TASK DIRECTIONS:
Every line of the material below, from the top through the line with "pact FIpre (FIcomp", should be reproduced exactly.

LISTED ENTRIES:

Record FImod := FImodule {
  FIpre :> preFImod;
  FIact_linear : forall {X Y : finType} (f : FIhom X Y) (a : k) (u v : pobj FIpre X),
      pact FIpre f (a *: u + v) = a *: pact FIpre f u + pact FIpre f v;
  FIact_id : forall (X : finType) (v : pobj FIpre X), pact FIpre (FIid X) v = v;
  FIact_comp : forall {X Y Z : finType} (f : FIhom X Y) (g : FIhom Y Z) (v : pobj FIpre X),
      pact FIpre (FIcomp g f) v = pact FIpre g (pact FIpre f v) }.

Record FImorph (V W : preFImod) := FIMorph {
  mmap :> forall X : finType, pobj V X -> pobj W X;
  mmap_linear : forall (X : finType) (a : k) (u v : pobj V X),
      mmap X (a *: u + v) = a *: mmap X u + mmap X v;
  mmap_nat : forall {X Y : finType} (f : FIhom X Y) (v : pobj V X),
      mmap Y (pact V f v) = pact W f (mmap X v) }.
Arguments FIMorph {V W}.
Arguments mmap {V W} _ X _.

Section Comp.
Variables U V W : preFImod.
Variables (beta : FImorph V W) (alpha : FImorph U V).
Lemma FIcompm_linear (X : finType) (a : k) (u v : pobj U X) :
  beta X (alpha X (a *: u + v)) = a *: beta X (alpha X u) + beta X (alpha X v).
Proof. by rewrite !mmap_linear. Qed.
Lemma FIcompm_nat {X Y : finType} (f : FIhom X Y) (v : pobj U X) :
  beta Y (alpha Y (pact U f v)) = pact W f (beta X (alpha X v)).
Proof. by rewrite !mmap_nat. Qed.
Definition FIcompm : FImorph U W :=
  @FIMorph U W (fun X v => beta X (alpha X v)) FIcompm_linear (@FIcompm_nat).
End Comp.
Arguments FIcompm {U V W} beta alpha.

Definition Spre (V : preFImod) : preFImod :=
  PreFImod (fun X => pobj V (option X)) (fun X Y f => pact V (FIsigma f)).
Lemma coarse_cons a i c : composition a -> (0 < i)%N ->
  (coarse a (i :: c))%:R =
  \sum_(m < (size a).+1)
    if i == sumn (take m a) then (coarse (drop m a) c)%:R else 0 :> int.
Proof.
elim: a i => [|x a IH] i ca i0; first by rewrite big_ord1 /=; case: eqP i0 => // ->.
case/andP: ca => x0 ca; rewrite big_ord_recl /= [i == 0%N]eqn0Ngt i0 add0r.
case: (ltngtP x i) => [xi|ix|<-].
- rewrite (IH (i - x)%N ca) ?subn_gt0 //; apply: eq_bigr => m _ /=.
  have -> : (i == x + sumn (take m a))%N = (i - x == sumn (take m a))%N.
    by apply/eqP/eqP; lia.
  by [].
- by rewrite big1 // => m _; have -> : (i == x + sumn (take m a))%N = false by lia.
- rewrite big_ord_recl /= take0 drop0 addn0 eqxx big1 ?addr0 // => m _.
  have := @sumn_take_gt0 a m.+1 ca; rewrite ltn_ord /= => /(_ isT) m0.
  by have -> : (x == x + sumn (take m.+1 a))%N = false by lia.
Qed.

Lemma Lq_cons a i s : composition a -> Lq a (i :: s) =
  \sum_(m < (size a).+1) if i == sumn (take m a) then Lq (drop m a) s else 0.
Proof.
move=> ca; case: i => [|i].
  rewrite big_ord_recl /= take0 drop0 big1 ?addr0 ?Lq_coarse // => m _.
  by have := @sumn_take_gt0 a m.+1 ca; rewrite ltn_ord => /(_ isT); case: sumn.
rewrite Lq_coarse // compress_consS // coarse_cons //.
by apply: eq_bigr => m _; rewrite Lq_coarse // composition_drop.
Qed.

Lemma rcons0_inv_Lq a : rcons0_inv (Lq a).
Proof. by move=> s; rewrite /Lq /Mq /compress filter_rcons. Qed.

Lemma homogeneous_Lq a : composition a -> homogeneous (sumn a) (Lq a).
Proof.
move=> ca s; rewrite Lq_coarse // -sumn_compress.
by case: coarse (coarse_Dset ca (composition_compress s)) => // /andP[/eqP ->].
Qed.

Lemma Lq_nil a : composition a -> a != [::] -> Lq a [::] = 0.
Proof. by move=> ca; rewrite Lq_coarse //; case: a {ca}. Qed.
(* Let $f:X\to Y$ be a continuous surjective open map between compact Hausdorff spaces. Then $Hf:HX\to HY$ has a degenerate fiber (a fiber $(Hf)^{-1}(\nu)$ that is a single point) if and only if $f$ has a degenerate fiber (a fiber $f^{-1}(y)$ that is a single point).
   Context: For a compact Hausdorff space $X$, let $HM(X)$ be the set of all maps $\alpha:[0,1)\to X$ for which there exist $0=t_0<t_1<\dots<t_n=1$ such that $\alpha$ is constant on each $[t_i,t_{i+1})$. Let $C(X)$ be the set of continuous real-valued functions on $X$. For $\varphi\in C(X)$ and $0\le a<b\le 1$ define $\varphi_{(a,b)}:HM(X)\to\mathbb{R}$ by $\varphi_{(a,b)}(\alpha)=\frac{1}{b-a}\int_a^b\varphi(\alpha(t))\,dt$, and let $S_{HM}(X)$ be the set of all such functions. The map $\alpha\mapsto(\varphi_{(a,b)}(\alpha))$ embeds $HM(X)$ into the product $\prod_{\varphi_{(a,b)}\in S_{HM}(X)}[\min\varphi,\max\varphi]$; $HX$ is the closure of the image of $HM(X)$, and $p_{\varphi_{(a,b)}}:HX\to\mathbb{R}$ is the coordinate projection. For continuous $f:X\to Y$, $Hf:HX\to HY$ is the unique continuous map with $p_{\varphi_{(a,b)}}\circ Hf=p_{(\varphi\circ f)_{(a,b)}}$ for all $\varphi\in C(Y)$, $0\le a<b\le1$ (it extends $\alpha\mapsto f\circ\alpha$). *)

From HB Require Import structures.
From mathcomp Require Import all_boot all_order all_algebra.
From mathcomp Require Import all_classical all_reals all_analysis.
From mathcomp Require Import Rstruct Rstruct_topology.
Set Implicit Arguments. Unset Strict Implicit. Unset Printing Implicit Defensive.
Import Order.TTheory GRing.Theory Num.Theory.
Local Open Scope classical_set_scope.
Local Open Scope ring_scope.

Notation RR := Rdefinitions.R.

(* HM(X): maps alpha : [0,1) -> X that are step functions: there is a
   partition 0 = t_0 < ... < t_n = 1 with alpha constant on each [t_i,t_{i+1}).
   We represent alpha by a function RR -> X; only its values on [0,1) matter. *)
Definition is_HM (X : Type) (alpha : RR -> X) : Prop :=
  exists (n : nat) (t : nat -> RR),
    t 0%N = 0 /\ t n = 1 /\ (forall i, (i < n)%N -> t i < t i.+1) /\
    (forall i, (i < n)%N -> forall s, t i <= s < t i.+1 -> alpha s = alpha (t i)).

Definition SHM (X : topologicalType) :=
  { p : (X -> RR) * RR * RR |
    continuous p.1.1 /\ [/\ 0 <= p.1.2, p.1.2 < p.2 & p.2 <= 1] }.

Definition avg (X : topologicalType) (phi : X -> RR) (a b : RR) (alpha : RR -> X) : RR :=
  (b - a)^-1 * Rintegral (@lebesgue_measure RR) `[a, b] (fun t => phi (alpha t)).

Definition Hembed (X : topologicalType) (alpha : RR -> X) : {ptws SHM X -> RR} :=
  fun i => avg (sval i).1.1 (sval i).1.2 (sval i).2 alpha.

(* Since each factor
   [min phi, max phi] is closed in R and contains the image, this equals the
   closure taken inside prod [min phi, max phi]. *)
Definition HX (X : topologicalType) : set {ptws SHM X -> RR} :=
  closure [set Hembed alpha | alpha in is_HM (X:=X)].

Definition SHM_map (X Y : topologicalType) (f : X -> Y) (hf : continuous f)
  (i : SHM Y) : SHM X :=
  let: exist p hp := i in
  exist _ (p.1.1 \o f, p.1.2, p.2)
    (conj (fun x => continuous_comp (hf x) (proj1 hp (f x))) (proj2 hp)).

Definition Hf (X Y : topologicalType) (f : X -> Y) (hf : continuous f)
  (nu : {ptws SHM X -> RR}) : {ptws SHM Y -> RR} :=
  fun i => nu (SHM_map hf i).
Arguments HX : clear implicits.

(* If f^-1(y) = {x}, the point of HX over the constant path at y can only be
   the constant path at x: a coordinate of such a point is squeezed between
   psi(x) -+ e by a Urysohn function that vanishes at y and is 1 on the image
   of {z | e <= |psi z - psi x|}.

   Conversely let mu be the unique point of HX over some nu, and suppose every
   fiber of f has two points.  For any s : X -> X with f o s = f, a cluster point
   of the paths s o alpha (alpha -> mu) lies over nu as well, hence is mu; so
   mu does not see the difference between psi and psi o s.  Choosing for s a
   selection of maxima, resp. minima, of a Urysohn function u on the fibers
   (continuous because f is open) gives functions o_x >= 0 with o_x(x) > 1 and
   mu(o_x) = 0.  Finitely many o_x sum to a function >= 1, whose mu-coordinate
   is nevertheless 0. *)
From HB Require Import structures.
From mathcomp Require Import all_boot all_order all_algebra.
From mathcomp Require Import all_classical all_reals all_analysis.
From mathcomp Require Import Rstruct Rstruct_topology.
From mathcomp Require Import lra ring.
Set Implicit Arguments. Unset Strict Implicit. Unset Printing Implicit Defensive.
Import Order.TTheory GRing.Theory Num.Theory.
Local Open Scope classical_set_scope.
Local Open Scope ring_scope.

RESULT FOR THIS EXERCISE:
Record FImod := FImodule {
  FIpre :> preFImod;
  FIact_linear : forall {X Y : finType} (f : FIhom X Y) (a : k) (u v : pobj FIpre X),
      pact FIpre f (a *: u + v) = a *: pact FIpre f u + pact FIpre f v;
  FIact_id : forall (X : finType) (v : pobj FIpre X), pact FIpre (FIid X) v = v;
  FIact_comp : forall {X Y Z : finType} (f : FIhom X Y) (g : FIhom Y Z) (v : pobj FIpre X),
      pact FIpre (FIcomp g f) v = pact FIpre g (pact FIpre f v) }.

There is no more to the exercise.